-- INFORMATION SUPPLIED follows --

(* Let $G$ be a group, $n\ge1$, $\phi_1,\dots,\phi_n\in\operatorname{End}(G)$ and $\sigma\in S_n$. Let $\phi$ be the endomorphism of $G^n$ given by $\phi(g_1,\dots,g_n)=(\phi_1(g_{\sigma(1)}),\dots,\phi_n(g_{\sigma(n)}))$. Write the disjoint cycle decomposition of $\sigma$, including cycles of length one, as $\sigma=(c_1\,\dots\,c_{n_1})(c_{n_1+1}\,\dots\,c_{n_2})\cdots(c_{n_{k-1}+1}\,\dots\,c_{n_k})$ with $0=n_0<n_1<\dots<n_k=n$, where the cycle $(a_1\,a_2\,\dots\,a_m)$ means $a_1\mapsto a_2\mapsto\cdots\mapsto a_m\mapsto a_1$. Put $\tilde\phi_j=\phi_{c_{n_{j-1}+1}}\circ\phi_{c_{n_{j-1}+2}}\circ\cdots\circ\phi_{c_{n_j}}$. Then $R(\phi)=\prod_{j=1}^kR(\tilde\phi_j)$.
   Context: For an endomorphism $\psi$ of a group $A$, $x,y\in A$ are $\psi$-conjugate if $x=gy\psi(g)^{-1}$ for some $g\in A$; $R(\psi)\in\mathbb{N}\cup\{\infty\}$ is the number of $\psi$-conjugacy classes, with the convention $a\cdot\infty=\infty$. *)

From Stdlib Require Import ClassicalDescription ClassicalEpsilon.
From HB Require Import structures.
From mathcomp Require Import all_boot fingroup perm.

Set Implicit Arguments.
Unset Strict Implicit.
Unset Printing Implicit Defensive.

Local Open Scope group_scope.

Definition tconj (G : groupType) (psi : G -> G) (x y : G) : Prop :=
  exists g : G, x = g * y * (psi g)^-1.

Definition has_Rnum (G : groupType) (psi : G -> G) (n : nat) : Prop :=
  exists f : 'I_n -> G,
    (forall x : G, exists i, tconj psi x (f i)) /\
    (forall i j, tconj psi (f i) (f j) -> i = j).

(* Reidemeister number R(psi) in N u {oo}; None stands for oo. *)
Definition Rnum (G : groupType) (psi : G -> G) : option nat :=
  match excluded_middle_informative (exists n, has_Rnum psi n) with
  | left H => Some (proj1_sig (constructive_indefinite_description _ H))
  | right _ => None
  end.

Definition emul (a b : option nat) : option nat :=
  match a, b with
  | Some x, Some y => Some (x * y)%N
  | _, _ => None
  end.

Definition prodG (n : nat) (G : groupType) := {ffun 'I_n -> G}.

Section ProdGroup.
Variables (n : nat) (G : groupType).

HB.instance Definition _ := Choice.on (prodG n G).

Definition pmul (x y : prodG n G) : prodG n G := [ffun i => x i * y i].
Definition pinv (x : prodG n G) : prodG n G := [ffun i => (x i)^-1].
Definition pone : prodG n G := [ffun => 1].

Fact pmulA : associative pmul.
Proof. by move=> x y z; apply/ffunP=> i; rewrite !ffunE mulgA. Qed.
Fact pmul1 : left_id pone pmul.
Proof. by move=> x; apply/ffunP=> i; rewrite !ffunE mul1g. Qed.
Fact pmul1r : right_id pone pmul.
Proof. by move=> x; apply/ffunP=> i; rewrite !ffunE mulg1. Qed.
Fact pmulV : left_inverse pone pinv pmul.
Proof. by move=> x; apply/ffunP=> i; rewrite !ffunE mulVg. Qed.
Fact pmulVr : right_inverse pone pinv pmul.
Proof. by move=> x; apply/ffunP=> i; rewrite !ffunE mulgV. Qed.

HB.instance Definition _ :=
  isGroup.Build (prodG n G) pmulA pmul1 pmul1r pmulV pmulVr.

End ProdGroup.

Definition phiN (G : groupType) (n : nat) (phi : 'I_n -> G -> G)
    (sigma : {perm 'I_n}) (g : prodG n G) : prodG n G :=
  [ffun i => phi i (g (sigma i))].

(* For the cycle of sigma starting at r, i.e. (r  sigma r  ...  sigma^(m-1) r),
   the composite phi_r o phi_(sigma r) o ... o phi_(sigma^(m-1) r).
   orbit sigma r = [:: r; sigma r; ...; sigma^(m-1) r]  (fingraph). *)
Definition tilde (G : groupType) (n : nat) (phi : 'I_n -> G -> G)
    (sigma : {perm 'I_n}) (r : 'I_n) : G -> G :=
  foldr (fun i f => phi i \o f) id (orbit sigma r).

From Stdlib Require Import ClassicalDescription ClassicalEpsilon Classical.
From HB Require Import structures.
From mathcomp Require Import all_boot fingroup perm.

Set Implicit Arguments.
Unset Strict Implicit.
Unset Printing Implicit Defensive.

(* This count
      is invariant under a map that is onto up to equivalence and reflects and
      preserves E, and it is multiplicative on (iterated) products.
   2. Cycle products: for x in G^n, cycle_prod x k i is the i-th coordinate of
      x * phi(x) * ... * phi^(k-1)(x).  If x = h y phi(h)^-1, its value along a
      whole cycle of sigma starting at r is tilde_r-conjugate to that of y by
      h_r; conversely h is recovered from h_r by walking the cycle backwards.
   3. Comparison: the map x |-> (cycle_prod x (|cycle of r|) r)_{r in reps}
      from G^n to the product over reps is onto and identifies phi-twisted
      conjugacy with the product of the tilde_r-twisted conjugacies; the main
      theorem follows from 1. *)

Section CountingClasses.
Variable T : Type.
Implicit Types E : T -> T -> Prop.

Record equivalence E : Prop := Equivalence {
  equiv_refl : forall x, E x x;
  equiv_sym : forall x y, E x y -> E y x;
  equiv_trans : forall x y z, E x y -> E y z -> E x z }.

Definition has_classes E (n : nat) : Prop :=
  exists f : 'I_n -> T,
    (forall x, exists i, E x (f i)) /\ (forall i j, E (f i) (f j) -> i = j).

Definition nclasses E : option nat :=
  match excluded_middle_informative (exists n, has_classes E n) with
  | left H => Some (proj1_sig (constructive_indefinite_description _ H))
  | right _ => None
  end.

Lemma has_classes_le E n m : equivalence E ->
  has_classes E n -> has_classes E m -> n <= m.
Proof.
move=> [_ Esym Etrans] [f [_ f_inj]] [g [g_cover _]].
have [h Hh] : exists h : 'I_n -> 'I_m, forall i, E (f i) (g (h i)).
  by apply: (choice (fun i j => E (f i) (g j))) => i; exact: g_cover.
have h_inj : injective h.
  move=> i j hij; apply: f_inj; apply: Etrans (Hh i) _.
  by rewrite hij; exact: Esym.
by have := leq_card h h_inj; rewrite !card_ord.
Qed.

Lemma nclassesE E n : equivalence E -> has_classes E n -> nclasses E = Some n.
Proof.
move=> eqE En; rewrite /nclasses; case: excluded_middle_informative => [H|[]];
  last by exists n.
case: constructive_indefinite_description => m Em /=.
by congr Some; apply/eqP; rewrite eqn_leq !(has_classes_le eqE).
Qed.

Lemma nclasses_inf E : ~ (exists n, has_classes E n) -> nclasses E = None.
Proof. by move=> H; rewrite /nclasses; case: excluded_middle_informative. Qed.

Lemma has_classes_card E (I : finType) (f : I -> T) :
  (forall x, exists i, E x (f i)) -> (forall i j, E (f i) (f j) -> i = j) ->
  has_classes E #|I|.
Proof.
move=> f_cover f_inj; exists (fun k => f (enum_val k)); split.
  by move=> x; have [i Ei] := f_cover x; exists (enum_rank i); rewrite enum_rankK.
by move=> i j /f_inj /enum_val_inj.
Qed.

(* Finitely many elements meeting every class leave finitely many classes:
   discard repeated classes one at a time. *)
Lemma finite_cover_classes E N (f : 'I_N -> T) : equivalence E ->
  (forall x, exists i, E x (f i)) -> exists n, has_classes E n.
Proof.
move=> [_ Esym Etrans]; elim: N f => [|N IH] f f_cover.
  by exists 0, f; split => // -[].
have [[i [j [neq_ij Eij]]]|no_repeat] :=
  classic (exists i j, i <> j /\ E (f i) (f j)).
  apply: (IH (fun k => f (lift j k))) => x; have [l El] := f_cover x.
  case: (unliftP j l) El => [k ->|->] El; first by exists k.
  have /eqP/unlift_some[k ik _] : j <> i by move=> eji; apply: neq_ij.
  by exists k; rewrite -ik; apply: Etrans El (Esym _ _ Eij).
exists N.+1, f; split => // i j Eij.
by apply: NNPP => neq_ij; apply: no_repeat; exists i, j.
Qed.

End CountingClasses.

Lemma nclasses_transport A B (EA : A -> A -> Prop) (EB : B -> B -> Prop)
    (F : A -> B) :
  equivalence EA -> equivalence EB -> (forall b, exists a, EB b (F a)) ->
  (forall x y, EA x y <-> EB (F x) (F y)) -> nclasses EA = nclasses EB.
Proof.
move=> eqA eqB F_onto F_equiv; have [_ Bsym Btrans] := eqB.
have AB k : has_classes EA k -> has_classes EB k.
  move=> [f [f_cover f_inj]]; exists (fun i => F (f i)); split.
    move=> b; have [a Ea] := F_onto b; have [i Ei] := f_cover a.
    by exists i; apply: Btrans Ea _; apply/F_equiv.
  by move=> i j /F_equiv /f_inj.
have BA k : has_classes EB k -> has_classes EA k.
  move=> [f [f_cover f_inj]].
  have [g Hg] : exists g : 'I_k -> A, forall i, EB (f i) (F (g i)).
    by apply: (choice (fun i a => EB (f i) (F a))) => i; exact: F_onto.
  exists g; split.
    move=> a; have [i Ei] := f_cover (F a).
    by exists i; apply/F_equiv; apply: Btrans Ei (Hg i).
  move=> i j /F_equiv Eij; apply: f_inj.
  by apply: Btrans (Hg i) (Btrans _ _ _ Eij (Bsym _ _ (Hg j))).
have [[k Ak]|noA] := classic (exists k, has_classes EA k).
  by rewrite (nclassesE eqA Ak) (nclassesE eqB (AB _ Ak)).
by rewrite !nclasses_inf // => -[k /BA Ak]; apply: noA; exists k.
Qed.

Definition prod_rel A B (EA : A -> A -> Prop) (EB : B -> B -> Prop)
    (x y : A * B) : Prop :=
  EA x.1 y.1 /\ EB x.2 y.2.

Lemma prod_rel_equiv A B (EA : A -> A -> Prop) (EB : B -> B -> Prop) :
  equivalence EA -> equivalence EB -> equivalence (prod_rel EA EB).
Proof.
move=> [Ar As At] [Br Bs Bt]; split=> [x|x y [? ?]|x y z [? ?] [? ?]]; split; eauto.
Qed.

Lemma nclasses_prod A B (EA : A -> A -> Prop) (EB : B -> B -> Prop)
    (a0 : A) (b0 : B) :
  equivalence EA -> equivalence EB ->
  nclasses (prod_rel EA EB) = emul (nclasses EA) (nclasses EB).
Proof.
move=> eqA eqB; have eqAB := prod_rel_equiv eqA eqB.
have [[nA [fA [cA iA]]]|infA] := classic (exists n, has_classes EA n); last first.
  rewrite (nclasses_inf infA) nclasses_inf // => -[N [f [f_cover _]]].
  apply: infA; apply: (finite_cover_classes (f := fun i => (f i).1) eqA) => a.
  by have [i [Ei _]] := f_cover (a, b0); exists i.
have [[nB [fB [cB iB]]]|infB] := classic (exists n, has_classes EB n); last first.
  rewrite (nclasses_inf infB) nclasses_inf; first by case: nclasses.
  move=> [N [f [f_cover _]]].
  apply: infB; apply: (finite_cover_classes (f := fun i => (f i).2) eqB) => b.
  by have [i [_ Ei]] := f_cover (a0, b); exists i.
have hA : has_classes EA nA by exists fA.
have hB : has_classes EB nB by exists fB.
rewrite (nclassesE eqA hA) (nclassesE eqB hB) /=; apply: nclassesE => //.
have := has_classes_card (E := prod_rel EA EB)
  (f := fun p : 'I_nA * 'I_nB => (fA p.1, fB p.2)).
rewrite card_prod !card_ord; apply.
  by move=> [a b]; have [i Ei] := cA a; have [j Ej] := cB b; exists (i, j).
by move=> [i j] [k l] [/= /iA -> /iB ->].
Qed.

Section IteratedProduct.
Variables (I : Type) (T : I -> Type) (E : forall i, T i -> T i -> Prop).
Arguments E : clear implicits.
Variable t0 : forall i, T i.
Hypothesis E_equiv : forall i, equivalence (E i).

Fixpoint tprod (s : seq I) : Type :=
  if s is i :: s' then (T i * tprod s')%type else unit.

Fixpoint tprod_rel (s : seq I) : tprod s -> tprod s -> Prop :=
  match s return tprod s -> tprod s -> Prop with
  | [::] => fun _ _ => True
  | i :: s' => prod_rel (E i) (@tprod_rel s')
  end.

Fixpoint tprod0 (s : seq I) : tprod s :=
  match s return tprod s with [::] => tt | i :: s' => (t0 i, tprod0 s') end.

Lemma tprod_rel_equiv s : equivalence (@tprod_rel s).
Proof.
elim: s => [|i s IH] /=; first by split.
exact: prod_rel_equiv (E_equiv i) IH.
Qed.

Lemma nclasses_tprod s :
  nclasses (@tprod_rel s) = foldr emul (Some 1) [seq nclasses (E i) | i <- s].
Proof.
elim: s => [|i s IH] /=.
  apply: nclassesE; first by split.
  by exists (fun _ => tt); split => [_|i j _]; [exists ord0|rewrite !ord1].
by rewrite -IH (nclasses_prod (t0 i) (tprod0 s)) //; exact: tprod_rel_equiv.
Qed.

End IteratedProduct.

Local Open Scope group_scope.

Section TwistedConjugacy.
Variables (G : groupType) (psi : G -> G).
Hypothesis psiM : {morph psi : x y / x * y}.

Lemma morph_1 : psi 1 = 1.
Proof. by apply: (@mulgI _ (psi 1)); rewrite -psiM !mulg1. Qed.

Lemma morph_V x : psi x^-1 = (psi x)^-1.
Proof. by apply: (@mulgI _ (psi x)); rewrite -psiM !mulgV morph_1. Qed.

Lemma tconj_equiv : equivalence (tconj psi).
Proof.
split=> [x|x y [g ->]|x y z [g ->] [h ->]].
- by exists 1; rewrite morph_1 invg1 mul1g mulg1.
- by exists g^-1; rewrite morph_V invgK !mulgA mulVg mul1g -mulgA mulVg mulg1.
- by exists (g * h); rewrite psiM invMg !mulgA.
Qed.

End TwistedConjugacy.

Lemma RnumE (G : groupType) (psi : G -> G) : Rnum psi = nclasses (tconj psi).
Proof. by []. Qed.

Section CycleProducts.
Variables (G : groupType) (n : nat) (phi : 'I_n -> G -> G) (sigma : {perm 'I_n}).
Hypothesis phiM : forall i, {morph phi i : x y / x * y}.

Definition comp_path k i : G -> G :=
  foldr (fun j f => phi j \o f) id (traject sigma i k).

Lemma comp_pathS k i g : comp_path k.+1 i g = phi i (comp_path k (sigma i) g).
Proof. by []. Qed.

Lemma tilde_comp_path r : tilde phi sigma r = comp_path (fingraph.order sigma r) r.
Proof. by []. Qed.

Lemma comp_path_morph k i : {morph comp_path k i : a b / a * b}.
Proof. by elim: k i => [|k IH] i a b //; rewrite !comp_pathS IH phiM. Qed.

Lemma tilde_equiv r : equivalence (tconj (tilde phi sigma r)).
Proof. by apply: tconj_equiv; rewrite tilde_comp_path; exact: comp_path_morph. Qed.

Fixpoint cycle_prod (x : 'I_n -> G) k i : G :=
  if k is k'.+1 then x i * phi i (cycle_prod x k' (sigma i)) else 1.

-- INFORMATION SUPPLIED concluded --

Return a copy of every line in the records that includes the string "Section".

Section ProdGroup.
Section CountingClasses.
Section IteratedProduct.
Section TwistedConjugacy.
Section CycleProducts.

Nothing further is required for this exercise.